== WHAT TO WORK ON ==
Transcribe word for word the lines below from the line with "Theorem mainTheorem8" through the line with "assert (Hstep : forall", ends included.

*** Opening AVAILABLE DATA ***

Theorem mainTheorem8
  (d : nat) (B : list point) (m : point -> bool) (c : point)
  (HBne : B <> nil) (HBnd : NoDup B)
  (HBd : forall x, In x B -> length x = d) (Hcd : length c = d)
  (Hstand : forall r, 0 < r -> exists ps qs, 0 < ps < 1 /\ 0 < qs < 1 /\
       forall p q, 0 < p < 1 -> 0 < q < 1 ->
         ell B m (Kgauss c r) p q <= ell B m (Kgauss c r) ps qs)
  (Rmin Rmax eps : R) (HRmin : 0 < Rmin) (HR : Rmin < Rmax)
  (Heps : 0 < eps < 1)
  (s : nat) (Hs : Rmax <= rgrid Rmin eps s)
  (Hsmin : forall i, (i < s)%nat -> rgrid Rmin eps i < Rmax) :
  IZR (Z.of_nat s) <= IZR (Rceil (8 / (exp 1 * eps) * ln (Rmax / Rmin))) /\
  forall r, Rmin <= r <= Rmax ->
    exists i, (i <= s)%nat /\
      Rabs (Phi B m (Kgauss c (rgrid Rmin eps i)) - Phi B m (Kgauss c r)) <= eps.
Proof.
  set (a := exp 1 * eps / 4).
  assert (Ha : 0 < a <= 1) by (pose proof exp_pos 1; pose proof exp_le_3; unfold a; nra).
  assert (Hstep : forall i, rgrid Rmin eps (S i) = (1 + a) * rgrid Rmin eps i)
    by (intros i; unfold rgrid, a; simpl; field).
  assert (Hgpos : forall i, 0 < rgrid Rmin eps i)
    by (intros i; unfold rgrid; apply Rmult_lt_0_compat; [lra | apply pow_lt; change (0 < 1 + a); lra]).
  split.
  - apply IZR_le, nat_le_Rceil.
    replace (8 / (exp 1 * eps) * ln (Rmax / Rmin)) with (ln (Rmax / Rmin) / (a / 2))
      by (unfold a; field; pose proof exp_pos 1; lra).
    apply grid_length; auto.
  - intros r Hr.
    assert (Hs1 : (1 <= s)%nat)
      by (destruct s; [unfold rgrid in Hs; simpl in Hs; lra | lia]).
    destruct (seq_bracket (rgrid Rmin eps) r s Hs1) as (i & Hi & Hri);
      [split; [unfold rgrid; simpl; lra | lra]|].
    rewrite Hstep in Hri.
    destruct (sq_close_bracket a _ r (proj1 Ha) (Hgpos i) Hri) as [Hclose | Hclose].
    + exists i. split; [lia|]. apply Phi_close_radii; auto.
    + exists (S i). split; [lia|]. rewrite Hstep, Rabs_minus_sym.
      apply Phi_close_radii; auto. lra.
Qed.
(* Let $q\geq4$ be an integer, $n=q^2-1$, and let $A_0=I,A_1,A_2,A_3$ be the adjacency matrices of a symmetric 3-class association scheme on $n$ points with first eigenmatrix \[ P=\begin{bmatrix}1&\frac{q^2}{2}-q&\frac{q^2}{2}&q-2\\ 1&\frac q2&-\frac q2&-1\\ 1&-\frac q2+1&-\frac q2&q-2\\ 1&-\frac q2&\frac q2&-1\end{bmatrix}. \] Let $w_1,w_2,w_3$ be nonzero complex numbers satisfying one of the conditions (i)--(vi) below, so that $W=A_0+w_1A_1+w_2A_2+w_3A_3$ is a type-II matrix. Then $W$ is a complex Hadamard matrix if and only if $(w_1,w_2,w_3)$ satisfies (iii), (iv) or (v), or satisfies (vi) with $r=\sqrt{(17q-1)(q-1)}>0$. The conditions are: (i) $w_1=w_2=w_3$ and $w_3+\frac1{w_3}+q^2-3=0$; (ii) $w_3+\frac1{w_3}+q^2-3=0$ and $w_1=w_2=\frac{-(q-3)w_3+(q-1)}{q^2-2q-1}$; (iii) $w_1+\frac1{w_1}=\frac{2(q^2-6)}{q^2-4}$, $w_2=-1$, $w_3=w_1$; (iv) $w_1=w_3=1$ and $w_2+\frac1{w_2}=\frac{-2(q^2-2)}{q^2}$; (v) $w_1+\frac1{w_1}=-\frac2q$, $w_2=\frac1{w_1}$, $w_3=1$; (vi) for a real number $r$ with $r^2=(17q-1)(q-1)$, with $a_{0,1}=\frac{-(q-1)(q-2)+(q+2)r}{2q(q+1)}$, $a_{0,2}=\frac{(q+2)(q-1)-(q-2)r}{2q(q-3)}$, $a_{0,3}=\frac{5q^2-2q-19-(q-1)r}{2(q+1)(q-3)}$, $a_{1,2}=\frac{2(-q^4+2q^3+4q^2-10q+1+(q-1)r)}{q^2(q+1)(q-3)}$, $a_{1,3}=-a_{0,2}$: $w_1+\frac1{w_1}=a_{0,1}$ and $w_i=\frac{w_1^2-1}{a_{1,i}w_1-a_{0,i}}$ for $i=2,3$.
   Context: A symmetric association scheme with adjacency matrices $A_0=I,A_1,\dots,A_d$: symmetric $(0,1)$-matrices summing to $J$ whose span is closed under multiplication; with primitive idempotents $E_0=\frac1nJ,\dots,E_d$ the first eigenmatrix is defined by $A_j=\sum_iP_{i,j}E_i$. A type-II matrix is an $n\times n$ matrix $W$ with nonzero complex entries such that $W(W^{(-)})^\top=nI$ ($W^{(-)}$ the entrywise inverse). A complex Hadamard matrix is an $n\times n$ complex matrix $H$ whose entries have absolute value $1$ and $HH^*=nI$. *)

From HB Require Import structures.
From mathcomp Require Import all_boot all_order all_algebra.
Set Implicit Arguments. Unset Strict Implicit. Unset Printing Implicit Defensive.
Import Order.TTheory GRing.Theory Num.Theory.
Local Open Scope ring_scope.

*** Closing AVAILABLE DATA ***
*** Opening AVAILABLE DATA ***

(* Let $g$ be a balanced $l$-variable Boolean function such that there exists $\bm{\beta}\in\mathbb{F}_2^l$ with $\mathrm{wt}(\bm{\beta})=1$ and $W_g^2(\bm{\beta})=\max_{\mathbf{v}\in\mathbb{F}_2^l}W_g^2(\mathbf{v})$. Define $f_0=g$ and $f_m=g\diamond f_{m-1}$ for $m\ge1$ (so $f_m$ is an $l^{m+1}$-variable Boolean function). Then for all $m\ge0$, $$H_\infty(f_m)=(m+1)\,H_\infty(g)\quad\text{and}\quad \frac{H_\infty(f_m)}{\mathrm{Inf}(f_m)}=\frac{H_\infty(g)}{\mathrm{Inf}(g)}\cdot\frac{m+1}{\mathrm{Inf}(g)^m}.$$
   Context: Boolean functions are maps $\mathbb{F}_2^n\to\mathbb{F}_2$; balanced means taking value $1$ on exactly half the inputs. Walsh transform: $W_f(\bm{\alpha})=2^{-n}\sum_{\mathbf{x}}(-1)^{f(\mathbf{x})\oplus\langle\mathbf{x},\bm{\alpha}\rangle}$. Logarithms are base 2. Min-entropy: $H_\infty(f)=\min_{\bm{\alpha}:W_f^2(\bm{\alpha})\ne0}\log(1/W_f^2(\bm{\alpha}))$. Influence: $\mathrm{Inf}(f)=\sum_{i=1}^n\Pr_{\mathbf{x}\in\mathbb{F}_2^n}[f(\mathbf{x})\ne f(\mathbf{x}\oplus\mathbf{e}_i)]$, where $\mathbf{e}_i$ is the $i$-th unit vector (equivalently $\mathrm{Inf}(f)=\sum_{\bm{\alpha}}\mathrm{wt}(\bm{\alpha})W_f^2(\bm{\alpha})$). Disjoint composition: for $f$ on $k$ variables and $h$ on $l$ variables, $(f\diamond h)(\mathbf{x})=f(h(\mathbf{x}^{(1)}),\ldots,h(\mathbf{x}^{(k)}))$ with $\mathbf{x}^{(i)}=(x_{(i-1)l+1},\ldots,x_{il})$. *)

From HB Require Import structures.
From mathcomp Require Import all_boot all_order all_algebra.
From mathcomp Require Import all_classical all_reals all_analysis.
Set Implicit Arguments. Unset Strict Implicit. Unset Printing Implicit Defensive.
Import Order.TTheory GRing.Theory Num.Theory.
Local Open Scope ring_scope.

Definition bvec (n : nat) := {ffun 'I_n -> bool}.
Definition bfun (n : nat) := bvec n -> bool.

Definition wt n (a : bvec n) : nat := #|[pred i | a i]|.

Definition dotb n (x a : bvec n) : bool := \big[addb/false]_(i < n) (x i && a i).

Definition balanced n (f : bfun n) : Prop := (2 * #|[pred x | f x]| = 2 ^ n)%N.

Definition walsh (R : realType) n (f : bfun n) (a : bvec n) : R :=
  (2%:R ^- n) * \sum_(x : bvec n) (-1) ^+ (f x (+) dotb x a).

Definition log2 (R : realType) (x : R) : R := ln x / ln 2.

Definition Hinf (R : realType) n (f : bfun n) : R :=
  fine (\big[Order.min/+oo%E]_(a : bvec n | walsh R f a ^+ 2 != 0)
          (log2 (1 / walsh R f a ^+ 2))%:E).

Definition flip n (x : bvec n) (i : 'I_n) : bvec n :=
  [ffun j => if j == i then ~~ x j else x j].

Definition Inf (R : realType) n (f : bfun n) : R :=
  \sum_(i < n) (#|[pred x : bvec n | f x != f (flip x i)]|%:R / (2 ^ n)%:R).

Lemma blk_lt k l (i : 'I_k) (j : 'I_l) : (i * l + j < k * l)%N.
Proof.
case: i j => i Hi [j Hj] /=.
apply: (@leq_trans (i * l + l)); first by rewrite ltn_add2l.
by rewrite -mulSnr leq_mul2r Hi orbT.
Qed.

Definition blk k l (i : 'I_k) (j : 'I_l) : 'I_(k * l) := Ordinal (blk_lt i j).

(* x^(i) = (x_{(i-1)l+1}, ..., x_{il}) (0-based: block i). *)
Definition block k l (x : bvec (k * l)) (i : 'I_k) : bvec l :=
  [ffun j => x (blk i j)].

*** Closing AVAILABLE DATA ***

== RESULT FOR THIS TASK ==
Theorem mainTheorem8
  (d : nat) (B : list point) (m : point -> bool) (c : point)
  (HBne : B <> nil) (HBnd : NoDup B)
  (HBd : forall x, In x B -> length x = d) (Hcd : length c = d)
  (Hstand : forall r, 0 < r -> exists ps qs, 0 < ps < 1 /\ 0 < qs < 1 /\
       forall p q, 0 < p < 1 -> 0 < q < 1 ->
         ell B m (Kgauss c r) p q <= ell B m (Kgauss c r) ps qs)
  (Rmin Rmax eps : R) (HRmin : 0 < Rmin) (HR : Rmin < Rmax)
  (Heps : 0 < eps < 1)
  (s : nat) (Hs : Rmax <= rgrid Rmin eps s)
  (Hsmin : forall i, (i < s)%nat -> rgrid Rmin eps i < Rmax) :
  IZR (Z.of_nat s) <= IZR (Rceil (8 / (exp 1 * eps) * ln (Rmax / Rmin))) /\
  forall r, Rmin <= r <= Rmax ->
    exists i, (i <= s)%nat /\
      Rabs (Phi B m (Kgauss c (rgrid Rmin eps i)) - Phi B m (Kgauss c r)) <= eps.
Proof.
  set (a := exp 1 * eps / 4).
  assert (Ha : 0 < a <= 1) by (pose proof exp_pos 1; pose proof exp_le_3; unfold a; nra).
  assert (Hstep : forall i, rgrid Rmin eps (S i) = (1 + a) * rgrid Rmin eps i)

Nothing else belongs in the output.